Alors que le précédent PINC était centré sur les seuls enjeux de sûreté post-Fukushima et gestion des déchets, le projet présenté aujourd’hui reflète une prise de conscience du rôle stratégique de l’énergie nucléaire dans l’atteinte des objectifs climatiques et industriels de l’Union.
Un texte à enrichir
Le projet de PINC offre enfin un point d’appui, mais plusieurs aspects doivent être précisés et améliorés.

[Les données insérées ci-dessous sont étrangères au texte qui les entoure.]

(* Let $N\ge 1$, let $\mathbf{a}_1,\dots,\mathbf{a}_N\in\mathbb{R}^3$ (base station positions, $\mathbf{a}_i=(a_i,b_i,c_i)$) and $\mathbf{x}_G\in\mathbb{R}^3$, and set $d_i=\|\mathbf{x}_G-\mathbf{a}_i\|$. Define $$F_2(\mathbf{x})=\frac14\sum_{i=1}^N\bigl(\|\mathbf{x}-\mathbf{a}_i\|^2-d_i^2\bigr)^2,\qquad F_{L2}(\mathbf{x},\lambda)=\frac14\sum_{i=1}^N\bigl(\|\mathbf{x}-\mathbf{a}_i\|^2+\lambda^2-d_i^2\bigr)^2$$ for $\mathbf{x}\in\mathbb{R}^3$, $\lambda\in\mathbb{R}$. Assume $\mathbf{x}_G$ is the unique global minimizer of $F_2$, and let $\mathbf{x}_L\ne\mathbf{x}_G$ be a local minimizer of $F_2$ at which $\nabla F_2(\mathbf{x}_L)=0$ and the second partial derivatives $\partial^2F_2/\partial x^2,\ \partial^2F_2/\partial y^2,\ \partial^2F_2/\partial z^2$ are positive. Then $(\mathbf{x}_L,0)$ is a saddle point of $F_{L2}$: namely $\nabla_{\mathbf{x}}F_{L2}(\mathbf{x}_L,0)=0$, $\frac{\partial F_{L2}}{\partial\lambda}(\mathbf{x}_L,0)=0$, $\frac{\partial^2F_{L2}}{\partial x\,\partial\lambda}(\mathbf{x}_L,0)=\frac{\partial^2F_{L2}}{\partial y\,\partial\lambda}(\mathbf{x}_L,0)=\frac{\partial^2F_{L2}}{\partial z\,\partial\lambda}(\mathbf{x}_L,0)=0$, the second derivatives of $F_{L2}$ in $x,y,z$ at $(\mathbf{x}_L,0)$ are positive, and $\frac{\partial^2F_{L2}}{\partial\lambda^2}(\mathbf{x}_L,0)<0$.
   Context: This models Time of Arrival localization with exact distance measurements $d_i$ from known base stations $\mathbf{a}_i$ to an object at $\mathbf{x}_G$; $F_{L2}$ is the objective $F_2$ augmented by an additional variable $\lambda$. Note $F_{L2}(\mathbf{x},0)=F_2(\mathbf{x})$ and $F_2(\mathbf{x}_G)=0$. *)

From Stdlib Require Import Reals.
From Coquelicot Require Import Coquelicot.
Open Scope R_scope.

(* Base stations a_i = (a i, b i, c i), i = 0..N-1; point x = (x, y, z). *)

Definition sqdist (x y z p q r : R) : R := (x - p)^2 + (y - q)^2 + (z - r)^2.

Definition sumN (N : nat) (f : nat -> R) : R := sum_f_R0 f (pred N).

Definition dist_i (a b c : nat -> R) (xg yg zg : R) (i : nat) : R :=
  sqrt (sqdist xg yg zg (a i) (b i) (c i)).

Definition F2 (N : nat) (a b c : nat -> R) (xg yg zg : R) (x y z : R) : R :=
  / 4 * sumN N (fun i =>
     (sqdist x y z (a i) (b i) (c i) - (dist_i a b c xg yg zg i)^2)^2).

Definition FL2 (N : nat) (a b c : nat -> R) (xg yg zg : R) (x y z l : R) : R :=
  / 4 * sumN N (fun i =>
     (sqdist x y z (a i) (b i) (c i) + l^2 - (dist_i a b c xg yg zg i)^2)^2).

(* With the residuals D_i(x) = |x - a_i|^2 - d_i^2 one has
   F_L2(x, l) = 1/4 sum_i (D_i(x) + l^2)^2, so F_L2 is even in l: at l = 0 its
   x-derivatives are those of F_2, the mixed derivatives carry a factor l, and
   d^2 F_L2 / d l^2 (x, 0) = sum_i D_i(x).  Writing u = x - x_G, the identity
   D_i(x) = 2 u.(x - a_i) - |u|^2 and criticality,
   grad F_2(x_L) = sum_i D_i(x_L) (x_L - a_i) = 0, give
   sum_i D_i(x_L)^2 = - |u|^2 sum_i D_i(x_L).  The left side is 4 F_2(x_L) > 0
   because x_G is the unique minimizer and F_2(x_G) = 0; hence sum_i D_i(x_L) < 0. *)

From Stdlib Require Import Reals Lra Psatz FunctionalExtensionality.
From Coquelicot Require Import Coquelicot.
Open Scope R_scope.

Lemma sumN_ext (N : nat) (f g : nat -> R) :
  (forall i, f i = g i) -> sumN N f = sumN N g.
Proof. intros Hfg. apply sum_eq. intros i _. apply Hfg. Qed.

Lemma sumN_0 (N : nat) : sumN N (fun _ => 0) = 0.
Proof. unfold sumN. rewrite sum_cte. ring. Qed.

Lemma is_derive_sumN (N : nat) (g : nat -> R -> R) (g' : nat -> R) (x : R) :
  (forall i, is_derive (g i) x (g' i)) ->
  is_derive (fun t => sumN N (fun i => g i t)) x (sumN N g').
Proof.
  intros Hg. unfold sumN. induction (pred N) as [|n IH]; simpl.
  - apply Hg.
  - apply (is_derive_plus (fun t => sum_f_R0 (fun i => g i t) n) (g (S n))); auto.
Qed.

Lemma is_derive_quarter_sumN (N : nat) (g : nat -> R -> R) (g' : nat -> R) (x : R) :
  (forall i, is_derive (g i) x (4 * g' i)) ->
  is_derive (fun t => / 4 * sumN N (fun i => g i t)) x (sumN N g').
Proof.
  intros Hg.
  replace (sumN N g') with (/ 4 * sumN N (fun i => 4 * g' i)).
  - apply is_derive_scal, is_derive_sumN, Hg.
  - unfold sumN. rewrite scal_sum. apply sum_eq. intros i _. field.
Qed.

Lemma Derive_sumN_add_sq_0 (N : nat) (k w : nat -> R) :
  Derive (fun l => sumN N (fun i => (k i + l ^ 2) * w i)) 0 = 0.
Proof.
  rewrite <- (sumN_0 N) at 2. apply is_derive_unique, is_derive_sumN.
  intros i. auto_derive; [trivial | ring].
Qed.

Lemma Derive_mul_sumN_add_sq_0 (N : nat) (k : nat -> R) :
  Derive (fun s => s * sumN N (fun i => k i + s ^ 2)) 0 = sumN N k.
Proof.
  apply is_derive_unique.
  replace (sumN N k) with (1 * sumN N (fun i => k i + 0 ^ 2) + 0 * sumN N (fun i => 2 * 0)).
  - apply (is_derive_mult (fun s => s) (fun s => sumN N (fun i => k i + s ^ 2))).
    + auto_derive; auto.
    + apply is_derive_sumN. intros i. auto_derive; [trivial | ring].
    + intros; apply Rmult_comm.
  - rewrite Rmult_0_l, Rplus_0_r, Rmult_1_l.
    apply sumN_ext. intros i. ring.
Qed.

Lemma sqdist_nonneg (x y z p q r : R) : 0 <= sqdist x y z p q r.
Proof. unfold sqdist. repeat apply Rplus_le_le_0_compat; apply pow2_ge_0. Qed.

Lemma sqdist_pos (x y z p q r : R) : (x, y, z) <> (p, q, r) -> 0 < sqdist x y z p q r.
Proof.
  intros Hne. apply Rnot_le_lt. intros Hle. apply Hne. unfold sqdist in Hle.
  pose proof (pow2_ge_0 (x - p)); pose proof (pow2_ge_0 (y - q)); pose proof (pow2_ge_0 (z - r)).
  f_equal; [f_equal |]; nra.
Qed.

Section Localization.

Variables (N : nat) (a b c : nat -> R) (xg yg zg : R).

Definition residual (x y z : R) (i : nat) : R :=
  sqdist x y z (a i) (b i) (c i) - dist_i a b c xg yg zg i ^ 2.

Lemma residual_expand (x y z : R) (i : nat) :
  residual x y z i =
  2 * ((x - xg) * (x - a i) + (y - yg) * (y - b i) + (z - zg) * (z - c i))
  - sqdist x y z xg yg zg.
Proof.
  unfold residual, dist_i. rewrite pow2_sqrt by apply sqdist_nonneg.
  unfold sqdist. ring.
Qed.

Lemma F2_residual (x y z : R) :
  F2 N a b c xg yg zg x y z = / 4 * sumN N (fun i => residual x y z i ^ 2).
Proof. reflexivity. Qed.

Lemma F2_xg : F2 N a b c xg yg zg xg yg zg = 0.
Proof.
  rewrite F2_residual, <- (Rmult_0_r (/ 4)), <- (sumN_0 N).
  f_equal. apply sumN_ext. intros i.
  rewrite residual_expand. unfold sqdist. ring.
Qed.

Lemma FL2_at_0 : (fun x y z => FL2 N a b c xg yg zg x y z 0) = F2 N a b c xg yg zg.
Proof.
  do 3 (apply functional_extensionality; intro).
  unfold FL2, F2. f_equal. apply sumN_ext. intros i. ring.
Qed.

Lemma Derive_F2_x (x y z : R) :
  Derive (fun t => F2 N a b c xg yg zg t y z) x
  = sumN N (fun i => residual x y z i * (x - a i)).
Proof.
  apply is_derive_unique, is_derive_quarter_sumN. intros i.
  unfold residual, sqdist. auto_derive; [trivial | ring].
Qed.

Lemma Derive_F2_y (x y z : R) :
  Derive (fun t => F2 N a b c xg yg zg x t z) y
  = sumN N (fun i => residual x y z i * (y - b i)).
Proof.
  apply is_derive_unique, is_derive_quarter_sumN. intros i.
  unfold residual, sqdist. auto_derive; [trivial | ring].
Qed.

Lemma Derive_F2_z (x y z : R) :
  Derive (fun t => F2 N a b c xg yg zg x y t) z
  = sumN N (fun i => residual x y z i * (z - c i)).
Proof.
  apply is_derive_unique, is_derive_quarter_sumN. intros i.
  unfold residual, sqdist. auto_derive; [trivial | ring].
Qed.

Lemma Derive_FL2_x (x y z l : R) :
  Derive (fun t => FL2 N a b c xg yg zg t y z l) x
  = sumN N (fun i => (residual x y z i + l ^ 2) * (x - a i)).
Proof.
  apply is_derive_unique, is_derive_quarter_sumN. intros i.
  unfold residual, sqdist. auto_derive; [trivial | ring].
Qed.

Lemma Derive_FL2_y (x y z l : R) :
  Derive (fun t => FL2 N a b c xg yg zg x t z l) y
  = sumN N (fun i => (residual x y z i + l ^ 2) * (y - b i)).
Proof.
  apply is_derive_unique, is_derive_quarter_sumN. intros i.
  unfold residual, sqdist. auto_derive; [trivial | ring].
Qed.

Lemma Derive_FL2_z (x y z l : R) :
  Derive (fun t => FL2 N a b c xg yg zg x y t l) z
  = sumN N (fun i => (residual x y z i + l ^ 2) * (z - c i)).
Proof.
  apply is_derive_unique, is_derive_quarter_sumN. intros i.
  unfold residual, sqdist. auto_derive; [trivial | ring].
Qed.

Lemma Derive_FL2_l (x y z l : R) :
  Derive (fun s => FL2 N a b c xg yg zg x y z s) l
  = l * sumN N (fun i => residual x y z i + l ^ 2).
Proof.
  apply is_derive_unique. unfold sumN. rewrite scal_sum.
  apply is_derive_quarter_sumN. intros i.
  unfold residual. auto_derive; [trivial | ring].
Qed.

Lemma sum_residual_sq_critical (x y z : R) :
  sumN N (fun i => residual x y z i * (x - a i)) = 0 ->
  sumN N (fun i => residual x y z i * (y - b i)) = 0 ->
  sumN N (fun i => residual x y z i * (z - c i)) = 0 ->
  sumN N (fun i => residual x y z i ^ 2)
  = - sqdist x y z xg yg zg * sumN N (residual x y z).
Proof.
  intros Sx Sy Sz.
  rewrite (sumN_ext N _ (fun i =>
      residual x y z i * (x - a i) * (2 * (x - xg))
    + residual x y z i * (y - b i) * (2 * (y - yg))
    + residual x y z i * (z - c i) * (2 * (z - zg))
    - residual x y z i * sqdist x y z xg yg zg)).
  - unfold sumN in *. rewrite minus_sum, !sum_plus, <- !scal_sum, Sx, Sy, Sz. ring.
  - intros i. rewrite residual_expand. ring.
Qed.

Lemma sum_residual_neg (x y z : R) :
  (x, y, z) <> (xg, yg, zg) ->
  F2 N a b c xg yg zg xg yg zg < F2 N a b c xg yg zg x y z ->
  Derive (fun t => F2 N a b c xg yg zg t y z) x = 0 ->
  Derive (fun t => F2 N a b c xg yg zg x t z) y = 0 ->
  Derive (fun t => F2 N a b c xg yg zg x y t) z = 0 ->
  sumN N (residual x y z) < 0.
Proof.
  intros Hne Hlt Gx Gy Gz.
  rewrite Derive_F2_x in Gx; rewrite Derive_F2_y in Gy; rewrite Derive_F2_z in Gz.
  rewrite F2_xg, F2_residual, sum_residual_sq_critical in Hlt by assumption.
  pose proof (sqdist_pos x y z xg yg zg Hne).
  nra.
Qed.

End Localization.

Theorem mainTheorem1 (N : nat) (a b c : nat -> R) (xg yg zg xl yl zl : R) :
  (1 <= N)%nat ->
  (* x_G is the unique global minimizer of F2 *)
  (forall x y z, (x, y, z) <> (xg, yg, zg) ->
     F2 N a b c xg yg zg xg yg zg < F2 N a b c xg yg zg x y z) ->
  (* x_L <> x_G *)
  (xl, yl, zl) <> (xg, yg, zg) ->
  (* x_L is a local minimizer of F2 *)
  (exists eps : R, 0 < eps /\
     forall x y z, sqrt (sqdist x y z xl yl zl) < eps ->
       F2 N a b c xg yg zg xl yl zl <= F2 N a b c xg yg zg x y z) ->
  (* grad F2 (x_L) = 0 *)
  Derive (fun t => F2 N a b c xg yg zg t yl zl) xl = 0 ->
  Derive (fun t => F2 N a b c xg yg zg xl t zl) yl = 0 ->
  Derive (fun t => F2 N a b c xg yg zg xl yl t) zl = 0 ->
  (* pure second partials of F2 at x_L are positive *)
  0 < Derive (fun s => Derive (fun t => F2 N a b c xg yg zg t yl zl) s) xl ->
  0 < Derive (fun s => Derive (fun t => F2 N a b c xg yg zg xl t zl) s) yl ->
  0 < Derive (fun s => Derive (fun t => F2 N a b c xg yg zg xl yl t) s) zl ->
  (* conclusion: (x_L, 0) is a saddle point of FL2 *)
  Derive (fun t => FL2 N a b c xg yg zg t yl zl 0) xl = 0 /\
  Derive (fun t => FL2 N a b c xg yg zg xl t zl 0) yl = 0 /\
  Derive (fun t => FL2 N a b c xg yg zg xl yl t 0) zl = 0 /\
  Derive (fun l => FL2 N a b c xg yg zg xl yl zl l) 0 = 0 /\
  Derive (fun l => Derive (fun t => FL2 N a b c xg yg zg t yl zl l) xl) 0 = 0 /\
  Derive (fun l => Derive (fun t => FL2 N a b c xg yg zg xl t zl l) yl) 0 = 0 /\
  Derive (fun l => Derive (fun t => FL2 N a b c xg yg zg xl yl t l) zl) 0 = 0 /\
  0 < Derive (fun s => Derive (fun t => FL2 N a b c xg yg zg t yl zl 0) s) xl /\
  0 < Derive (fun s => Derive (fun t => FL2 N a b c xg yg zg xl t zl 0) s) yl /\
  0 < Derive (fun s => Derive (fun t => FL2 N a b c xg yg zg xl yl t 0) s) zl /\
  Derive (fun s => Derive (fun l => FL2 N a b c xg yg zg xl yl zl l) s) 0 < 0.
Proof.
  intros _ Hmin Hne _ Gx Gy Gz Hx Hy Hz.
  assert (Hneg := sum_residual_neg N a b c xg yg zg xl yl zl Hne (Hmin _ _ _ Hne) Gx Gy Gz).
  rewrite <- FL2_at_0 in Gx, Gy, Gz, Hx, Hy, Hz. cbv beta in Gx, Gy, Gz, Hx, Hy, Hz.
  repeat split; try assumption.
  - rewrite Derive_FL2_l. ring.
  - rewrite (Derive_ext _ _ _ (Derive_FL2_x N a b c xg yg zg xl yl zl)).
    apply Derive_sumN_add_sq_0.
  - rewrite (Derive_ext _ _ _ (Derive_FL2_y N a b c xg yg zg xl yl zl)).
    apply Derive_sumN_add_sq_0.
  - rewrite (Derive_ext _ _ _ (Derive_FL2_z N a b c xg yg zg xl yl zl)).
    apply Derive_sumN_add_sq_0.
  - rewrite (Derive_ext _ _ _ (Derive_FL2_l N a b c xg yg zg xl yl zl)).
    now rewrite Derive_mul_sumN_add_sq_0.
Qed.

· Capacité installée : la Commission propose trois trajectoires pour 2050 : 70 GW, 109 GW et 144 GW. Le scénario haut – 144 GW – reflète pour la première fois l’addition des objectifs annoncés par les États membres dans leurs plans nationaux énergie-climat ; c’est un signal encourageant pour toute la filière. En revanche, les scénarios bas et dit « de référence » (109 GW) restent déconnectés de la réalité industrielle : leur maintien brouille la lisibilité de la politique européenne.
· Financement : Les besoins d’investissement chiffrés dans le texte reposent justement sur ce scénario de 109 GW, sans analyse économique détaillée. Cette incohérence affaiblit la crédibilité du signal envoyé aux investisseurs et aux industriels.
· Le texte semble sous-estimer le rôle des grands réacteurs, au profit d’une part jugée surévaluée de petits réacteurs modulaires (SMR), dont la maturité industrielle reste à consolider.
« Le rôle de la Commission est d’abord d’aider les États membres à atteindre leurs objectifs climatiques. Pour 2050, il suffit d’additionner les puissances annoncées pour obtenir au minimum 144 GW de nucléaire. C’est l’unique scénario crédible ; imaginer des sous‑scénarios à 70 GW ou 109 GW n’a aucun sens. Cela compromet nos objectifs climatiques et fragilise notre stratégie industrielle : voulons-nous véritablement atteindre la neutralité carbone en 2050 ? », interpelle Christophe Grudler.
En revanche, le député salue l’effort d’inclure l’ensemble de l’écosystème nucléaire, avec des références à la chaîne de valeur, au cycle du combustible, aux usages au-delà de l’électricité (chaleur industrielle, santé), aux compétences et même à la fusion nucléaire.
Une stratégie industrielle européenne à affirmer
Christophe Grudler appelle la Commission à assumer pleinement une préférence européenne en matière de nucléaire civil, comme le permet le traité Euratom, conçu pour bâtir une base industrielle nucléaire forte sur le continent. Cette logique de souveraineté doit aussi guider l’action de l’Alliance européenne pour les SMR et le futur PIIEC, qui ne saurait devenir un instrument de promotion de technologies non-européennes.
« Il serait irresponsable de projeter une montée en puissance du nucléaire à 144 GW d’ici 2050 tout en misant sur des technologies importées. Le traité Euratom a été signé pour construire et valoriser une filière européenne. L’Alliance SMR ne peut pas devenir le cheval de Troie de projets extra-européens pour lesquels nous ouvrons grand notre marché. Nous devons adopter une vision de long terme et faire le choix de notre souveraineté technologique, c’est une question de bon sens », alerte Christophe Grudler.
Une initiative parlementaire à venir
Bien que le Parlement européen ne soit pas officiellement saisi dans la procédure de consultation du PINC – relevant du traité Euratom – Christophe Grudler invite le Parlement européen à se saisir du texte. Le Comité économique et social européen (CESE) est quant à lui consulté, ce qui ouvrira la voie à la publication définitive du PINC d’ici fin 2025.
Dans cette perspective, le député Grudler souhaite que le Parlement européen puisse faire entendre sa voix et enrichir le texte avant sa version finale : « Il est indispensable que le Parlement donne son avis sur ce PINC, afin de le bonifier. Cela pourra prendre plusieurs formes : Rapport d’initiative dédié, ou Papier de position de notre intergroupe sur le nucléaire. »
« Ce projet de PINC, bien qu’imparfait, marque un tournant. Il confirme le momentum que nous vivons sur le nucléaire en Europe. À nous maintenant de transformer cette dynamique en stratégie industrielle crédible et ambitieuse. », conclut Christophe Grudler.